(* Let $G$ be a unimodular surface-like pseudolattice with point-like element $\mathsf p$ and Serre operator $S$, and let $f\in G$ be an element of rank zero with $\chi(f,f)=1$ (i.e. of self-intersection $-1$). Let $G_f={}^\perp f=\{v\in G\mid \chi(v,f)=0\}$ with the restricted pairing. Then $z:=(S-1)(f)$ lies in $\mathbb{Z}\mathsf p\subseteq G_f$, and the numerical blow-up $\operatorname{Bl}_z G_f=\mathbb{Z}g\oplus G_f$ is isometric to $G$ via the map sending $g\mapsto f$ and $v\mapsto v$ for $v\in G_f$.
   Context: A pseudolattice is a finitely generated free abelian group with a non-degenerate bilinear form $\chi$; unimodular means $\chi$ induces $G\cong\operatorname{Hom}(G,\mathbb{Z})$. Surface-like: there is a primitive $\mathsf p$ with $\chi(\mathsf p,\mathsf p)=0$, $\chi(\mathsf p,v)=\chi(v,\mathsf p)$ for all $v$, and $\chi$ symmetric on $\mathsf p^\perp$; rank $\mathsf r(v)=\chi(\mathsf p,v)$. A Serre operator is an isometry $S$ with $\chi(v,w)=\chi(w,S(v))$ for all $v,w$ (it exists and is unique for unimodular $G$). For $z\in\mathbb{Z}\mathsf p$, the numerical blow-up of a unimodular surface-like pseudolattice $H$ at $z$ is $\operatorname{Bl}_zH=\mathbb{Z}g\oplus H$ with pairing extending $\chi$ on $H$ by $\chi(g,g)=1$, $\chi(h,g)=0$ and $\chi(g,h)=\chi(z,h)$ for all $h\in H$. *)

(* A pseudolattice of rank n is modelled as Z^n = 'rV[int]_n
   with the bilinear form given by a Gram matrix M : 'M[int]_n. *)
From HB Require Import structures.
From mathcomp Require Import all_boot all_algebra.
Set Implicit Arguments. Unset Strict Implicit. Unset Printing Implicit Defensive.
Import GRing.Theory Num.Theory.
Local Open Scope ring_scope.

Definition chi (n : nat) (M : 'M[int]_n) (v w : 'rV[int]_n) : int :=
  (v *m M *m w^T) 0 0.

Definition pl_nondegenerate (n : nat) (M : 'M[int]_n) : Prop := \det M != 0.

(* pl_unimodular: v |-> chi(v, -) is an isomorphism G -> Hom(G, Z),
   i.e. the Gram matrix is invertible over Z *)
Definition pl_unimodular (n : nat) (M : 'M[int]_n) : Prop :=
  M \in unitmx.

Definition pl_primitive (n : nat) (p : 'rV[int]_n) : Prop :=
  forall (k : int) (w : 'rV[int]_n), p = k *: w -> k = 1 \/ k = -1.

Definition pl_surface_like (n : nat) (M : 'M[int]_n) (p : 'rV[int]_n) : Prop :=
  [/\ pl_primitive p,
      chi M p p = 0,
      (forall v, chi M p v = chi M v p) &
      (forall v w, chi M p v = 0 -> chi M p w = 0 -> chi M v w = chi M w v)].

Definition rk (n : nat) (M : 'M[int]_n) (p v : 'rV[int]_n) : int := chi M p v.

Definition pl_serre_operator (n : nat) (M : 'M[int]_n) (S : 'rV[int]_n -> 'rV[int]_n) : Prop :=
  [/\ {morph S : x y / x + y},
      bijective S,
      (forall v w, chi M (S v) (S w) = chi M v w) &
      (forall v w, chi M v w = chi M w (S v))].

(* Pairing on the numerical blow-up Bl_z H = Z g (+) H, H a sub-pseudolattice of
   Z^n with the restricted form, an element a g + v written as (a, v):
   chi(a g + v, b g + w) = a b chi(g,g) + a chi(g,w) + b chi(v,g) + chi(v,w)
                          = a b + a chi(z,w) + chi(v,w). *)
Definition bl_chi (n : nat) (M : 'M[int]_n) (z : 'rV[int]_n)
  (x y : int * 'rV[int]_n) : int :=
  x.1 * y.1 + x.1 * chi M z y.2 + chi M x.2 y.2.

From HB Require Import structures.
From mathcomp Require Import all_boot all_algebra.

Set Implicit Arguments.
Unset Strict Implicit.
Unset Printing Implicit Defensive.
Import GRing.Theory Num.Theory.
Local Open Scope ring_scope.

(* The Serre defect z = S f - f pairs to zero against the rank-zero sublattice
   p^perp, on which chi is symmetric: chi(v, S f) = chi(f, v) = chi(v, f).  In a
   unimodular lattice the left orthogonal of p^perp is Z p, because primitivity
   of p yields v0 with chi(v0, p) = 1, hence v = chi(v, p) v0 + (element of
   p^perp).  Since chi(f, f) = 1, G splits as Z f (+) ^perp f, and the only
   asymmetric cross term chi(f, w) = chi(w, S f) = chi(w, z) = chi(z, w) is the
   one prescribed by the blow-up pairing, p being symmetric against everything. *)

Section ColumnBezout.
Variable n : nat.
Implicit Types (c : 'cV[int]_n) (v : 'rV[int]_n).

Lemma delta_mulmx_coef c i : (delta_mx (0 : 'I_1) i *m c) 0 0 = c i ord0.
Proof. by rewrite -rowE mxE. Qed.

(* Euclidean descent: a positive value m of v |-> v c either divides every
   entry of c, forcing m = 1, or leaves a smaller positive remainder. *)
Lemma colvec_value_eq1 c :
    (forall m : int, (forall i, (m %| c i ord0)%Z) -> m = 1 \/ m = -1) ->
  exists v, (v *m c) 0 0 = 1.
Proof.
move=> prim_c; pose phi v := (v *m c) 0 0.
have phiB u v (k : int) : phi (u - k *: v) = phi u - k * phi v.
  by rewrite /phi mulmxBl -scalemxAl !mxE.
have descent (m : nat) : (0 < m)%N -> (exists v, phi v = m%:Z) ->
    exists v, phi v = 1.
  elim/ltn_ind: m => m IH m_gt0 [v phi_v].
  have [/forallP dvd_m | ] := boolP [forall i, (m%:Z %| c i ord0)%Z].
    by have [[m1] | //] := prim_c _ dvd_m; exists v; rewrite phi_v m1.
  rewrite negb_forall => /existsP [i /dvdz_mod0P ndvd].
  have m_neq0 : m%:Z != 0 by rewrite eqz_nat -lt0n.
  have r_ge0 := modz_ge0 (c i ord0) m_neq0.
  apply: (IH `|(c i ord0 %% m)%Z|%N).
  - by rewrite -ltz_nat gez0_abs // ltz_pmod // ltz_nat.
  - by rewrite absz_gt0; apply/eqP.
  exists (delta_mx (0 : 'I_1) i - (c i ord0 %/ m)%Z *: v).
  by rewrite phiB phi_v /phi delta_mulmx_coef gez0_abs.
have [i ci_neq0] : exists i, c i ord0 != 0.
  apply/existsP; apply: contraT; rewrite negb_exists => /forallP ci_eq0.
  by have [j | // | //] := prim_c 0; rewrite dvd0z; apply/negPn/ci_eq0.
apply: (descent `|c i ord0|%N); first by rewrite absz_gt0.
exists (sgz (c i ord0) *: delta_mx (0 : 'I_1) i).
by rewrite /phi -scalemxAl mxE delta_mulmx_coef -abszEsg.
Qed.

End ColumnBezout.

Section Pseudolattice.
Variables (n : nat) (M : 'M[int]_n).
Implicit Types (u v w x y z : 'rV[int]_n) (a b k : int).

Lemma chi_mulmxA v w : chi M v w = (v *m (M *m w^T)) 0 0.
Proof. by rewrite /chi mulmxA. Qed.

Lemma chiDl u v w : chi M (u + v) w = chi M u w + chi M v w.
Proof. by rewrite /chi !mulmxDl mxE. Qed.

Lemma chiDr u v w : chi M w (u + v) = chi M w u + chi M w v.
Proof. by rewrite /chi linearD /= mulmxDr mxE. Qed.

Lemma chiBl u v w : chi M (u - v) w = chi M u w - chi M v w.
Proof. by rewrite /chi !mulmxBl !mxE. Qed.

Lemma chiZl k v w : chi M (k *: v) w = k * chi M v w.
Proof. by rewrite /chi -!scalemxAl mxE. Qed.

Lemma chiZr k v w : chi M w (k *: v) = k * chi M w v.
Proof. by rewrite /chi linearZ /= -scalemxAr mxE. Qed.

Lemma chiBr u v w : chi M w (u - v) = chi M w u - chi M w v.
Proof. by rewrite chiDr -scaleN1r chiZr mulN1r. Qed.

Lemma orth_decomposition f x : chi M f f = 1 ->
  exists! av : int * 'rV[int]_n, chi M av.2 f = 0 /\ x = av.1 *: f + av.2.
Proof.
move=> ff; exists (chi M x f, x - chi M x f *: f); split.
  by rewrite /= chiBl chiZl ff mulr1 subrr addrC subrK.
move=> [b w] /= [wf ->].
by rewrite chiDl chiZl ff mulr1 wf addr0 [b *: f + w]addrC addrK.
Qed.

Lemma bl_chi_isometry f z a b v w :
    chi M f f = 1 -> chi M v f = 0 -> chi M z w = chi M f w ->
  chi M (a *: f + v) (b *: f + w) = bl_chi M z (a, v) (b, w).
Proof.
move=> ff vf zw.
by rewrite /bl_chi /= !chiDl !chiDr !chiZl !chiZr ff vf zw mulr1 mulr0 add0r.
Qed.

Section Unimodular.
Hypothesis uM : M \in unitmx.

Lemma unitmx_dvd_scale m x :
  (forall i, (m %| (M *m x^T) i ord0)%Z) -> exists y, x = m *: y.
Proof.
move=> dvd_m; pose c := \col_i ((M *m x^T) i ord0 %/ m)%Z.
exists (invmx M *m c)^T; apply: trmx_inj.
rewrite linearZ /= trmxK scalemxAr.
suff -> : m *: c = M *m x^T by rewrite mulKmx.
by apply/matrixP=> i j; rewrite ord1 [LHS]mxE [c _ _]mxE mulrC divzK.
Qed.

Lemma unitmx_chi_eq0 x : (forall v, chi M v x = 0) -> x = 0.
Proof.
move=> x_orth; have [i | y ->] := @unitmx_dvd_scale 0 x; last by rewrite scale0r.
by rewrite dvd0z -delta_mulmx_coef -chi_mulmxA x_orth.
Qed.

Lemma unitmx_primitive_chi_eq1 p : pl_primitive p -> exists v, chi M v p = 1.
Proof.
move=> pp; have [|v v1] := @colvec_value_eq1 _ (M *m p^T).
  by move=> m /(@unitmx_dvd_scale m p) [y /pp].
by exists v; rewrite chi_mulmxA.
Qed.

Section PointLike.
Variable p : 'rV[int]_n.
Hypothesis pp : pl_primitive p.
Hypothesis chi_p_sym : forall v, chi M p v = chi M v p.

(* v - chi(v, p) v0 lies in p^perp whenever chi(v0, p) = 1. *)
Lemma orth_point_perp_scale z :
  (forall v, chi M p v = 0 -> chi M v z = 0) -> exists k, z = k *: p.
Proof.
move=> z_orth; have [v0 v0p] := unitmx_primitive_chi_eq1 pp.
exists (chi M v0 z); apply/eqP; rewrite -subr_eq0; apply/eqP.
apply: unitmx_chi_eq0 => // v.
have /z_orth : chi M p (v - chi M v p *: v0) = 0.
  by rewrite chi_p_sym chiBl chiZl v0p mulr1 subrr.
rewrite chiBl chiZl chiBr chiZr -chi_p_sym => /eqP; rewrite subr_eq0 => /eqP ->.
by rewrite mulrC subrr.
Qed.

End PointLike.

End Unimodular.

End Pseudolattice.

Theorem mainTheorem4 (n : nat) (M : 'M[int]_n) (p : 'rV[int]_n)
  (S : 'rV[int]_n -> 'rV[int]_n) (f : 'rV[int]_n) :
  pl_nondegenerate M -> pl_unimodular M -> pl_surface_like M p -> pl_serre_operator M S ->
  rk M p f = 0 -> chi M f f = 1 ->
  (exists k : int, S f - f = k *: p) /\
  (forall k : int, chi M (k *: p) f = 0) /\
  (forall x : 'rV[int]_n, exists! av : int * 'rV[int]_n,
      chi M av.2 f = 0 /\ x = av.1 *: f + av.2) /\
  (forall (a b : int) (v w : 'rV[int]_n), chi M v f = 0 -> chi M w f = 0 ->
      chi M (a *: f + v) (b *: f + w) = bl_chi M (S f - f) (a, v) (b, w)).
Proof.
move=> _ uM [pp _ chi_p_sym chi_perp_sym] [_ _ _ serre] rk_f ff.
rewrite /rk in rk_f.
have z_perp v : chi M p v = 0 -> chi M v (S f - f) = 0.
  by move=> pv; rewrite chiBr -serre chi_perp_sym ?subrr.
have [k z_kp] := orth_point_perp_scale uM pp chi_p_sym z_perp.
split; first by exists k.
split; first by move=> k'; rewrite chiZl rk_f mulr0.
split; first by move=> x; apply: orth_decomposition.
move=> a b v w vf wf; apply: bl_chi_isometry => //.
by rewrite z_kp chiZl chi_p_sym -chiZr -z_kp chiBr -serre wf subr0.
Qed.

══════════

What is being asked »
The reply should hold only the lines of the listing above starting at the line containing "(forall v w, chi M p" and ending at the line containing "Variable n : nat.", exactly as written.

Answer to the exercise »
      (forall v w, chi M p v = 0 -> chi M p w = 0 -> chi M v w = chi M w v)].

Definition rk (n : nat) (M : 'M[int]_n) (p v : 'rV[int]_n) : int := chi M p v.

Definition pl_serre_operator (n : nat) (M : 'M[int]_n) (S : 'rV[int]_n -> 'rV[int]_n) : Prop :=
  [/\ {morph S : x y / x + y},
      bijective S,
      (forall v w, chi M (S v) (S w) = chi M v w) &
      (forall v w, chi M v w = chi M w (S v))].

(* Pairing on the numerical blow-up Bl_z H = Z g (+) H, H a sub-pseudolattice of
   Z^n with the restricted form, an element a g + v written as (a, v):
   chi(a g + v, b g + w) = a b chi(g,g) + a chi(g,w) + b chi(v,g) + chi(v,w)
                          = a b + a chi(z,w) + chi(v,w). *)
Definition bl_chi (n : nat) (M : 'M[int]_n) (z : 'rV[int]_n)
  (x y : int * 'rV[int]_n) : int :=
  x.1 * y.1 + x.1 * chi M z y.2 + chi M x.2 y.2.

From HB Require Import structures.
From mathcomp Require Import all_boot all_algebra.

Set Implicit Arguments.
Unset Strict Implicit.
Unset Printing Implicit Defensive.
Import GRing.Theory Num.Theory.
Local Open Scope ring_scope.

(* The Serre defect z = S f - f pairs to zero against the rank-zero sublattice
   p^perp, on which chi is symmetric: chi(v, S f) = chi(f, v) = chi(v, f).  In a
   unimodular lattice the left orthogonal of p^perp is Z p, because primitivity
   of p yields v0 with chi(v0, p) = 1, hence v = chi(v, p) v0 + (element of
   p^perp).  Since chi(f, f) = 1, G splits as Z f (+) ^perp f, and the only
   asymmetric cross term chi(f, w) = chi(w, S f) = chi(w, z) = chi(z, w) is the
   one prescribed by the blow-up pairing, p being symmetric against everything. *)

Section ColumnBezout.
Variable n : nat.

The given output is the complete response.